When does observability become overhead? OTel GenAI SIG is maturing. Schemas still evolving. At what complexity does full tracing pay off versus console.log? No data. We haven't run the comparison.

How far does AST edit generalize? aiCoder: JavaScript. Ki Editor: editor-level. Relace: API-only. No solution covers the full agent edit workflow across languages.

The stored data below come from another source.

(* (i) For integers $r\geq1$, $k_1\geq2$, $k_2,\ldots,k_r\geq1$, \[ \lim_{m\to\infty}\zeta^{\star}(k_1,\ldots,k_r,\{2\}^m)=\sum_{n_1\geq\cdots\geq n_r\geq1}\frac{2}{n_1^{k_1}\cdots n_{r-1}^{k_{r-1}}\,n_r^{k_r-1}(n_r+1)}. \] (ii) For every integer $p\geq2$, \[ \lim_{m\to\infty}\zeta^{\star}(\{p\}^m)=\prod_{n\geq2}\frac{1}{1-n^{-p}}. \]
   Context: $\zeta^{\star}(k_1,\ldots,k_r)=\sum_{n_1\geq\cdots\geq n_r\geq 1}\frac{1}{n_1^{k_1}\cdots n_r^{k_r}}$ for $k_1\geq2$, $k_2,\ldots,k_r\geq1$; $\{p\}^m$ denotes $m$ consecutive arguments equal to $p$. *)

From Stdlib Require Import Reals List.
From Coquelicot Require Import Coquelicot.
Import ListNotations.
Open Scope R_scope.

(* Nested truncated sum over N >= n1 >= n2 >= ... >= nr >= 1:
   nested_trunc [f1; ...; fr] N = sum_{N>=n1>=...>=nr>=1} f1 n1 * ... * fr nr.
   The empty list gives the empty product 1. *)
Fixpoint nested_trunc (fs : list (nat -> R)) (N : nat) : R :=
  match fs with
  | [] => 1
  | f :: fs' => sum_n_m (fun n => f n * nested_trunc fs' n) 1 N
  end.

Definition inv_pow (k : nat) : nat -> R := fun n => / (INR n ^ k).

Definition zeta_star_trunc (ks : list nat) (N : nat) : R :=
  nested_trunc (map inv_pow ks) N.

(* zeta^star(k1,...,kr) = lim_{N -> oo} of the truncated sums
   (terms are positive, so this is the value of the multiple series). *)
Definition zeta_star (ks : list nat) : R := real (Lim_seq (zeta_star_trunc ks)).

Definition rhs_i_trunc (ks : list nat) (N : nat) : R :=
  nested_trunc
    (map inv_pow (removelast ks) ++
     [fun n => 2 / (INR n ^ (last ks 0%nat - 1) * (INR n + 1))]) N.

Fixpoint euler_prod_trunc (p : nat) (N : nat) : R :=
  match N with
  | O => 1
  | S N' => if Nat.leb 2 N then euler_prod_trunc p N' * / (1 - / (INR N ^ p))
            else euler_prod_trunc p N'
  end.

From Stdlib Require Import Reals List Lra Lia Psatz.
From Coquelicot Require Import Coquelicot.
Import ListNotations.
Open Scope R_scope.

(* Write Z_N(m) for the truncation at N of zeta^star({p}^m).  Splitting off the terms with
   n_1 = N gives Z_N(m+1) = Z_(N-1)(m+1) + N^-p Z_N(m); by induction on N, m |-> Z_N(m)
   increases to the partial Euler product E_N = prod_(n=2..N) 1/(1 - n^-p), the limit being
   the fixed point of x = E_(N-1) + N^-p x.  For p = 2 this product telescopes to
   2N/(N+1), so the innermost block n^-k_r Z_n(m) of zeta^star(k_1,...,k_r,{2}^m) tends to
   2/(n^(k_r-1)(n+1)).  Both limits then follow by exchanging lim_m and lim_N, which is
   legitimate because all truncations increase in N and are dominated by their limit in m.
   Finiteness of zeta^star(k_1,...,k_r) for k_1 >= 2 comes from zeta^star_n({1}^s) <= 2^s sqrt n,
   which leaves an outer sum dominated by 2^s sum n^(-3/2) <= 3 2^s. *)

Lemma sum_n_m_1_0 (f : nat -> R) : sum_n_m f 1 0 = 0.
Proof. rewrite sum_n_m_zero; [reflexivity | lia]. Qed.

Lemma sum_n_m_1_S (f : nat -> R) N : sum_n_m f 1 (S N) = sum_n_m f 1 N + f (S N).
Proof. rewrite sum_n_Sm; [reflexivity | lia]. Qed.

Lemma sum_n_m_le_loc (f g : nat -> R) N :
  (forall n, (1 <= n <= N)%nat -> f n <= g n) -> sum_n_m f 1 N <= sum_n_m g 1 N.
Proof.
  induction N as [|N IH]; intros Hfg.
  - rewrite !sum_n_m_1_0; lra.
  - rewrite !sum_n_m_1_S.
    apply Rplus_le_compat; [apply IH; intros n Hn|]; apply Hfg; lia.
Qed.

Lemma sum_n_m_nonneg_loc (f : nat -> R) N :
  (forall n, (1 <= n <= N)%nat -> 0 <= f n) -> 0 <= sum_n_m f 1 N.
Proof.
  induction N as [|N IH]; intros Hf.
  - rewrite sum_n_m_1_0; lra.
  - rewrite sum_n_m_1_S.
    apply Rplus_le_le_0_compat; [apply IH; intros n Hn|]; apply Hf; lia.
Qed.

Lemma sum_n_m_scal_l (c : R) (f : nat -> R) N :
  sum_n_m (fun n => c * f n) 1 N = c * sum_n_m f 1 N.
Proof. exact (sum_n_m_mult_l c f 1 N). Qed.
(* Let $V+Z\in\mathfrak v\oplus\mathfrak z$ with $Z=Z_c$ satisfy the genericity condition ($|c|>|c_k|>0$ and $V_{c_k}\neq0$, $V_{|c|}\neq0$, $V_0\neq0$). Let $\gamma:\mathbb R\to N$ (resp. $N'$) be a geodesic with $\dot\gamma(0)=((v,z),V+Z)$, let $\tau>0$, and assume $\dot\gamma(\tau)=(\gamma(\tau),V+Z)$. Write $V_0=\beta Y(Z)$, $V_\perp:=V_{c_k}+V_{|c|}=\sum_{m=1}^4\alpha_mE_m(Z)$ in the case of $N$ (resp. $=\sum_{m=1}^4\alpha'_mE'_m(Z)$ in the case of $N'$), and $v=x_iX_i+x_jX_j+y_iY_i+y_jY_j+y_kY_k$. Then $\tau c_k\in2\pi\mathbb Z$, $\tau|c|\in2\pi\mathbb Z$, and the translational element $a:=\gamma(\tau)\gamma(0)^{-1}$ equals, in $N$, $$\Bigl(\tau V_0,\ \tau\bigl(1+\tfrac{|V_\perp|^2}{2|c|^2}\bigr)Z_c+\tau\beta\bigl(\alpha_2-\tfrac{c_k}{c_i^2+c_j^2}(x_ic_i+x_jc_j)\bigr)(-c_jZ_i+c_iZ_j)+\tau\Bigl(-\tfrac{|V_{c_k}|^2}{2c_k|c|^2}+\beta\bigl(\alpha_4-\tfrac{1}{c_i^2+c_j^2}(x_ic_j-x_jc_i)\bigr)\Bigr)\bigl(c_k(c_iZ_i+c_jZ_j)-(c_i^2+c_j^2)Z_k\bigr)\Bigr),$$ and, in $N'$, $$\Bigl(\tau V_0,\ \tau\bigl(1+\tfrac{|V_\perp|^2}{2|c|^2}\bigr)Z_c+\tau\beta\bigl(-|c|\alpha'_3+y_k-\tfrac{c_k}{c_i^2+c_j^2}(y_ic_i+y_jc_j)\bigr)(-c_jZ_i+c_iZ_j)+\tau\Bigl(-\tfrac{|V_{c_k}|^2}{2c_k|c|^2}+\beta\bigl(\alpha'_4-\tfrac{1}{c_i^2+c_j^2}(y_ic_j-y_jc_i)\bigr)\Bigr)\bigl(c_k(c_iZ_i+c_jZ_j)-(c_i^2+c_j^2)Z_k\bigr)\Bigr).$$
   Context: $\mathfrak v$ has orthonormal basis $X_i,X_j,Y_i,Y_j,Y_k$, $\mathfrak z$ orthonormal basis $Z_i,Z_j,Z_k$; on the orthogonal sum $\mathfrak v\oplus\mathfrak z$ two two-step nilpotent brackets ($\mathfrak z$ central, $[\mathfrak v,\mathfrak v]\subseteq\mathfrak z$) are given: $[\,,]$ with only nonzero basis brackets (up to antisymmetry) $[X_i,Y_j]=Z_k$, $[X_i,Y_k]=-Z_j$, $[X_j,Y_i]=-Z_k$, $[X_j,Y_k]=Z_i$; and $[\,,]'$ with $[X_i,X_j]'=Z_k$, $[Y_i,Y_j]'=Z_k$, $[Y_j,Y_k]'=Z_i$, $[Y_k,Y_i]'=Z_j$. $j,j':\mathfrak z\to\mathfrak{so}(\mathfrak v)$ are defined by $\langle j(Z)X,Y\rangle=\langle Z,[X,Y]\rangle$ and similarly for $j'$. $N,N'$ are the corresponding simply connected Lie groups with left invariant metrics $g,g'$ given by the inner product. Elements are written $(v,z):=\exp(v+z)$, with $(v,z)(\bar v,\bar z)=(v+\bar v,z+\bar z+\tfrac12[v,\bar v])$ (resp. $[\,,]'$); tangent vectors are written $(p,A)$ with $A=L_{p*}^{-1}X\in\mathfrak v\oplus\mathfrak z$. For $Z=Z_c=c_iZ_i+c_jZ_j+c_kZ_k$ and $V\in\mathfrak v$, $V_\lambda$ denotes the component of $V$ in the $(-\lambda^2)$-eigenspace of $j(Z)^2$ (resp. $j'(Z)^2$), so $V=V_{c_k}+V_{|c|}+V_0$ when $|c|>|c_k|>0$. Set $Y(Z)=c_iY_i+c_jY_j+c_kY_k$; $E_1(Z)=c_iX_i+c_jX_j$, $E_2(Z)=-c_jY_i+c_iY_j$, $E_3(Z)=|c|(c_jX_i-c_iX_j)$, $E_4(Z)=c_k(c_iY_i+c_jY_j)-(c_i^2+c_j^2)Y_k$; $E'_1(Z)=X_i$, $E'_2(Z)=X_j$, $E'_3(Z)=|c|(c_jY_i-c_iY_j)$, $E'_4(Z)=c_k(c_iY_i+c_jY_j)-(c_i^2+c_j^2)Y_k$. *)

From HB Require Import structures.
From mathcomp Require Import all_boot all_order all_algebra.
From mathcomp Require Import all_classical all_reals all_analysis.
Set Implicit Arguments. Unset Strict Implicit. Unset Printing Implicit Defensive.
Import Order.TTheory GRing.Theory Num.Theory.
Local Open Scope ring_scope.
Lemma sigma_relax rs rs' sg sg' j N :
  (forall k y, nth_error rs k = Some y -> sigma_le (sg (rv y)) (rt y)) ->
  (forall v a, sg v = Some a -> recorded_any rs v a) ->
  replaces rs rs' j N -> sgt (sg (rv N)) (rt N) -> sig_upd sg (rv N) (rt N) sg' ->
  (forall k y, nth_error rs' k = Some y -> sigma_le (sg' (rv y)) (rt y)) /\
  (forall v a, sg' v = Some a -> recorded_any rs' v a).
Proof.
  intros Hlow Hatt HR Hgt [Hs1 Hs2]. split.
  - intros k y Hk.
    destruct (replaces_inv _ _ _ _ _ _ HR Hk) as [[-> ->]|[_ Hk']].
    + rewrite Hs1. exists (rt N). split; auto; lra.
    + destruct (classic (rv y = rv N)) as [Hv|Hv].
      * rewrite Hv, Hs1. exists (rt N). split; auto.
        pose proof (Hlow _ _ Hk') as H. rewrite Hv in H. pose proof (sigma_gt_le _ _ _ Hgt H). lra.
      * rewrite Hs2 by auto. exact (Hlow _ _ Hk').
  - intros v a Ha. destruct (classic (v = rv N)) as [->|Hv].
    + rewrite Hs1 in Ha. injection Ha as <-. exists j, N. repeat split; auto; [apply HR | lra].
    + rewrite Hs2 in Ha by auto. eapply recorded_any_replaces; eauto.
Qed.

Lemma core_relax rs rs' sg sg' tr r rr e j :
  core_inv rs sg tr -> nth_error rs r = Some rr ->
  (forall k y, nth_error rs k = Some y -> (rd y <= S (rd rr))%nat) ->
  In e E -> esrc e = rv rr -> rt rr <= etime e ->
  sgt (sg (edst e)) (etime e) -> sig_upd sg (edst e) (etime e) sg' ->
  replaces rs rs' j (mkRec (edst e) (S (rd rr)) (etime e) (Some r)) ->
  (forall k y, k <> j -> nth_error rs k = Some y -> rv y = edst e -> rd y <> S (rd rr)) ->
  (forall k y, (j <= k)%nat -> nth_error rs k = Some y -> (S (rd rr) <= rd y)%nat) ->
  core_inv rs' sg' (e :: tr).
Proof.
  intros HI Hrr Hbd He Hsrc Hle Hgt Hup HR Hnl Hge.
  pose proof (sigma_relax _ _ _ _ _ _ (sigma_lower _ _ _ HI) (sigma_attained _ _ _ HI)
                HR Hgt Hup) as Hsig.
  set (N := mkRec (edst e) (S (rd rr)) (etime e) (Some r)) in *.
  assert (Hlater : forall k y, nth_error rs k = Some y -> rv y = edst e -> etime e < rt y).
  { intros k y Hk Hv. pose proof (sigma_lower _ _ _ HI k y Hk) as H. rewrite Hv in H.
    exact (sigma_gt_le _ _ _ Hgt H). }
  assert (HN : nth_error rs' j = Some N) by apply HR.
  constructor.
  - eapply recorded_replaces; [eauto | apply HI].
  - intros k1 k2 y1 y2 Hk Hy1 Hy2.
    destruct (replaces_inv _ _ _ _ _ _ HR Hy1) as [[-> ->]|[_ Hy1']];
    destruct (replaces_inv _ _ _ _ _ _ HR Hy2) as [[-> ->]|[_ Hy2']]; simpl.
    + lia.
    + exact (Hge _ _ Hk Hy2').
    + exact (Hbd _ _ Hy1').
    + exact (levels_sorted _ _ _ HI _ _ _ _ Hk Hy1' Hy2').
  - exact (proj1 Hsig).
  - exact (proj2 Hsig).
  - intros e' [<-|He'].
    + exists j, N. simpl. repeat split; auto; lra.
    + eapply recorded_any_replaces; [eauto | exact (traversed_recorded _ _ _ HI _ He')].
  - intros k1 k2 y1 y2 Hk Hy1 Hy2 Hv.
    destruct (replaces_inv _ _ _ _ _ _ HR Hy1) as [[-> ->]|[Hne1 Hy1']];
    destruct (replaces_inv _ _ _ _ _ _ HR Hy2) as [[-> ->]|[Hne2 Hy2']]; simpl in *.
    + congruence.
    + intro H. exact (Hnl _ _ Hne2 Hy2' (eq_sym Hv) (eq_sym H)).
    + exact (Hnl _ _ Hne1 Hy1' Hv).
    + exact (levels_distinct _ _ _ HI _ _ _ _ Hk Hy1' Hy2' Hv).
  - intros k1 k2 y1 y2 Hy1 Hy2 Hv Hlt.
    destruct (replaces_inv _ _ _ _ _ _ HR Hy1) as [[-> ->]|[_ Hy1']];
    destruct (replaces_inv _ _ _ _ _ _ HR Hy2) as [[-> ->]|[_ Hy2']]; simpl in *.
    + lia.
    + pose proof (Hbd _ _ Hy2'). lia.
    + exact (Hlater _ _ Hy1' Hv).
    + exact (times_decrease _ _ _ HI _ _ _ _ Hy1' Hy2' Hv Hlt).
  - intros k y Hk.
    destruct (replaces_inv _ _ _ _ _ _ HR Hk) as [[-> ->]|[_ Hk']]; simpl.
    + eapply path_within_extend; eauto. exact (records_sound _ _ _ HI _ _ Hrr).
    + exact (records_sound _ _ _ HI _ _ Hk').
Qed.

Lemma busy_relax rs rs' q q' tr r u du su tr0 dn e j :
  busy_inv rs q tr r u du su tr0 dn ->
  replaces rs rs' j (mkRec (edst e) (S du) (etime e) (Some r)) ->
  (r < j)%nat -> (length rs <= length rs')%nat -> q' = seq (S r) (length rs' - S r) ->
  (forall e', inB E tr0 u su e' -> edst e' = edst e -> etime e <= etime e') ->
  busy_inv rs' q' (e :: tr) r u du su tr0 (edst e :: dn).
Proof.
  intros HB HR Hrj Hlen Hq Hmin.
  destruct HB as [Hbnd _ (rr & Hrr & Hru & Hrd & Hrt) Hfin Hbd Hsnap Hdone].
  pose proof HR as (HN & Hother & _).
  constructor; auto.
  - lia.
  - exists rr. rewrite Hother by lia. auto.
  - eapply finished_replaces; eauto. lia.
  - intros k y Hk. destruct (replaces_inv _ _ _ _ _ _ HR Hk) as [[-> ->]|[_ Hk']]; simpl; eauto.
  - apply incl_tl. exact Hsnap.
  - intros v [<-|Hv] e' He' Hd.
    + exists j, (mkRec (edst e) (S du) (etime e) (Some r)). simpl. repeat split; auto.
    + eapply recorded_replaces; eauto.
Qed.

Lemma deeper_in_queue rs sg tr q r u du su tr0 dn j rj :
  core_inv rs sg tr -> busy_inv rs q tr r u du su tr0 dn ->
  nth_error rs j = Some rj -> rd rj = S du -> In j q.
Proof.
  intros HI HB Hj Hd. destruct HB as [_ -> (rr & Hrr & _ & Hrd & _) _ _ _ _].
  apply in_seq.
  assert (j < length rs)%nat by (apply nth_error_Some; congruence).
  destruct (Nat.le_gt_cases j r) as [Hjr|Hjr]; [|lia].
  pose proof (levels_sorted _ _ _ HI _ _ _ _ Hjr Hj Hrr). lia.
Qed.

Mutated by agent-lsp (May 2026): the question reframes once a fourth angle ships. The edit-reliability problem doesn't reduce to a single solution shape — AST-merge handles failed text replacements after the agent decided what to write; LSP-bridge handles the discovery step before the edit is written; speculative execution handles the verification step before the edit is committed. All three layers are needed; the open question is which combination dominates at which task profile, not which approach wins outright.

Does spec-kit's adoption mean fewer failures? Amazon argues for SDD. But the evidence is directional. Spec-first teams fail differently, not necessarily less. A proper before/after on incident rates? Doesn't exist in public.

Does pipeline alpha shrink monotonically as models improve? NCSU's 9,374-trajectory study showed framework effects diminishing with stronger LLMs. If the trend is monotonic, most pipeline infrastructure becomes legacy overhead on a five-year horizon, baked into the model instead. If the trend is non-monotonic (structure still buys something at long horizons or specific task types), the investment compounds. We have no longitudinal data across model generations yet.